Date Mon, 14 Sep 2015 21:51:42 GMT
Hello,

> The Apache motto is "community over code". This means that Apache is all
> about building community and trusting that the community will build the
> code. If you don't have the community, then the code doesn't much matter.

We have a community of users and vendors that leverage our software and push us to get our
releases out in a timely manner. As such, we are working for our community, we just can't
seem to get our artifacts through in a timely manner within the Apache Incubation process.
Our PMC reviews and votes go smoothly at dev@, but then we hit the general@-wall and we twiddle
our thumbs "hoping" someone will VOTE. And as a great man once told me: "Hope is not a strategy."

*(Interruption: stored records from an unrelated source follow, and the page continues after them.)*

(* Let $G$ be a $(P_6,C_5)$-free graph containing a 7-antihole with vertex set $C=\{v_0,\dots,v_6\}$, where $v_iv_j\in E(G)$ iff $2\le |i-j|\le 5$ (indices mod 7). Let $X$ be the set of vertices of $V(G)\setminus C$ with a neighbor in $C$, and $Y=V(G)\setminus(C\cup X)$. A vertex $x\in X$ is a leaf at $v_i$ if $N(x)\cap C=\{v_i\}$; $x$ is big if it is complete to some triangle (three pairwise adjacent vertices) of $C$; $x$ is small if it is neither a leaf nor big. Let $Z_\ell$ be the set of leaves at $v_\ell$ and $Z=\bigcup_\ell Z_\ell$. Then: (1) If $x\in X$ is adjacent to both $v_i$ and $v_{i+1}$ for some $i$, then $x$ is adjacent to at least one of $v_{i-1},v_{i+2}$. (2) If $x\in X$ is small or a leaf, then either (2.1) there is $i$ such that $x$ is nonadjacent to both $v_{i-1},v_{i+2}$ and adjacent to exactly one of $v_i,v_{i+1}$, or (2.2) $N(x)\cap C$ consists of exactly 3 or exactly 4 cyclically consecutive vertices of $C$. (3) Let $\ell\in\{0,\dots,6\}$ and let $x\in X\setminus Z_\ell$ have a neighbor $u\in Y\cup Z_\ell$. Then (3.1) $x$ is not a leaf; (3.2) if $x$ is adjacent to $v_i$ and nonadjacent to each of $v_{i-1},v_{i+1},v_{i+2}$, then $u\in Z_\ell$ and $\ell\in\{i,i+1,i+2\}$; (3.3) if $v\in Y\cup Z_\ell$ is adjacent to $u$ and $x$ is nonadjacent to $v$, then $N(x)\cap C$ contains at least 5 cyclically consecutive vertices of $C$. (4) Let $x\in X$ be a small vertex with a neighbor in $Y\cup Z$. Then (4.1) $N(x)\cap C$ consists of exactly 3 or exactly 4 cyclically consecutive vertices of $C$; and (4.2) if $v_j\notin N(x)$, then (a) if $x$ has a neighbor in $Z_j$, then $x$ is complete to $\{v_{j+2},v_{j+3},v_{j-3},v_{j-2}\}$, and (b) if $Z_j\neq\emptyset$, then $x$ is nonadjacent to each of $v_{j-1},v_j,v_{j+1}$. (5) If $x_1,x_2\in X$ are nonadjacent small vertices each having a neighbor in $Y\cup Z$, then $N(x_1)\cap C\subseteq N(x_2)\cap C$ or $N(x_2)\cap C\subseteq N(x_1)\cap C$.
   Context: Graphs are finite and simple; $N(v)$ denotes the set of neighbors of $v$. A graph is $(P_6,C_5)$-free if it has no induced $P_6$ (6-vertex path) and no induced 5-cycle. A 7-antihole is an induced subgraph isomorphic to the complement of the 7-cycle. Vertices $v_i,v_{i+1},\dots,v_{i+k}$ (indices mod 7) are called cyclically consecutive. A vertex is complete (anticomplete) to a set if it is adjacent to all (none) of its vertices. *)

From mathcomp Require Import all_boot.
Set Implicit Arguments. Unset Strict Implicit. Unset Printing Implicit Defensive.

(* A finite simple graph: vertex type T (finType), adjacency e : rel T,
   assumed symmetric and irreflexive (as hypotheses of the theorem). *)

Section Graph.
Variables (T : finType) (e : rel T).

Definition has_induced_P6 : Prop :=
  exists f : 'I_6 -> T, injective f /\
    forall i j : 'I_6, e (f i) (f j) = ((i.+1 == j :> nat) || (j.+1 == i :> nat)).

Definition has_induced_C5 : Prop :=
  exists f : 'I_5 -> T, injective f /\
    forall i j : 'I_5, e (f i) (f j) = (((i + 1) %% 5 == j) || ((j + 1) %% 5 == i)).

> There may be issues with the incubator, the voting systems and such, but it
> isn't a bug that humans are involved and need care and feeding to get them
> motivated.  That is a feature.

I comment on this below.

> I think that Marvin's question to you was pretty cogent. Would you be
> willing to spend an hour or so each on 5 different projects you aren't
> involved in before getting to put your own project up for a release? Would
> it change your willingness if most of the community behind some of those
> projects not only aren't willing to review your project, but they aren't
> even willing to review their own project carefully and cast a vote?

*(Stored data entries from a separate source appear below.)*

(* Let $\mathbf p$ be a pinned configuration in $\mathbb R^d$ with $\ell$-dimensional affine span, and let $k\ge1$. If an analytic trajectory $\mathbf p(t)$ with $\mathbf p(0)=\mathbf p$ is in $\ell$-pinned position for all $t$ and is $k$-trivial, then it is $k$-vanishing.
   Context: A configuration $\mathbf q=(\mathbf q_1,\dots,\mathbf q_n)$, $\mathbf q_i\in\mathbb R^d$, is in $\ell$-pinned position if $\mathbf q_1=0$ and, for $2\le i\le\ell+1$, $\mathbf q_i\in\mathrm{span}(e_1,\dots,e_{i-1})$. A configuration $\mathbf p$ with $\ell$-dimensional affine span is pinned if $\mathbf p_1,\dots,\mathbf p_{\ell+1}$ are affinely independent and $\mathbf p$ is in $\ell$-pinned position. An analytic trajectory of isometries is a family $T(t)\mathbf x=A(t)\mathbf x+\mathbf b(t)$ with $A(t)$ orthogonal and $A,\mathbf b$ analytic in $t$. An analytic trajectory $\mathbf p(t)$ is $k$-trivial if it agrees through $k$-th order in $t$ (equal Taylor coefficients of orders $0,\dots,k$ at $t=0$) with $T(t)\mathbf p(0)$ for some analytic trajectory of isometries $T(t)$ with $T(0)=I$. A $C^k$ vector function $\varphi(t)$ is $k$-vanishing if $\varphi^{(i)}(0)=0$ for $1\le i\le k$. *)

From Stdlib Require Import Reals.
From Coquelicot Require Import Coquelicot.
Open Scope R_scope.

(* Conventions.
   - A point of R^d is a function  nat -> R  of which only the coordinates
     j < d are meaningful (coordinate j corresponds to e_{j+1}).
   - A configuration of n points is  q : nat -> nat -> R  with  q v j  the
     j-th coordinate of point number v, for v < n.  Point v (0-based)
     is the paper's q_{v+1}.
   - A trajectory is  p : nat -> nat -> R -> R,  p v j t  being the j-th
     coordinate of point v at time t. *)

Fixpoint fsum (f : nat -> R) (m : nat) : R :=
  match m with
  | O => 0
  | S m' => fsum f m' + f m'
  end.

I use Apache, I am not Apache. I don't expect the users of TinkerPop to have to write my code,
they are there to use it. If they find a bug, I ask that they submit a bug report (or better
yet, a pull request). I map that to here:

	"voting is inefficient and human biased" => bug report
	"why not use a voting queue" => pull request

If I'm not delivering software in a timely manner, then I'm not doing my job. If I'm going
to wear the TinkerPop hat, then I better deliver on TinkerPop or take off that hat. Likewise
for Apache Incubation (though perhaps I'm naive in my assumptions) -- if you are a mentor,
move the artifacts through in a timely manner and don't wait for the project leaders to ping
"Hey, can we get a VOTE?…please…pretty please….hello?"

> Your answers will likely say a lot about the dynamics of getting people to
> help each other. It is hard to do and a human touch goes further than
> setting hurdles.

This is where I lose you guys. Why are humans involved in a process that should be automated.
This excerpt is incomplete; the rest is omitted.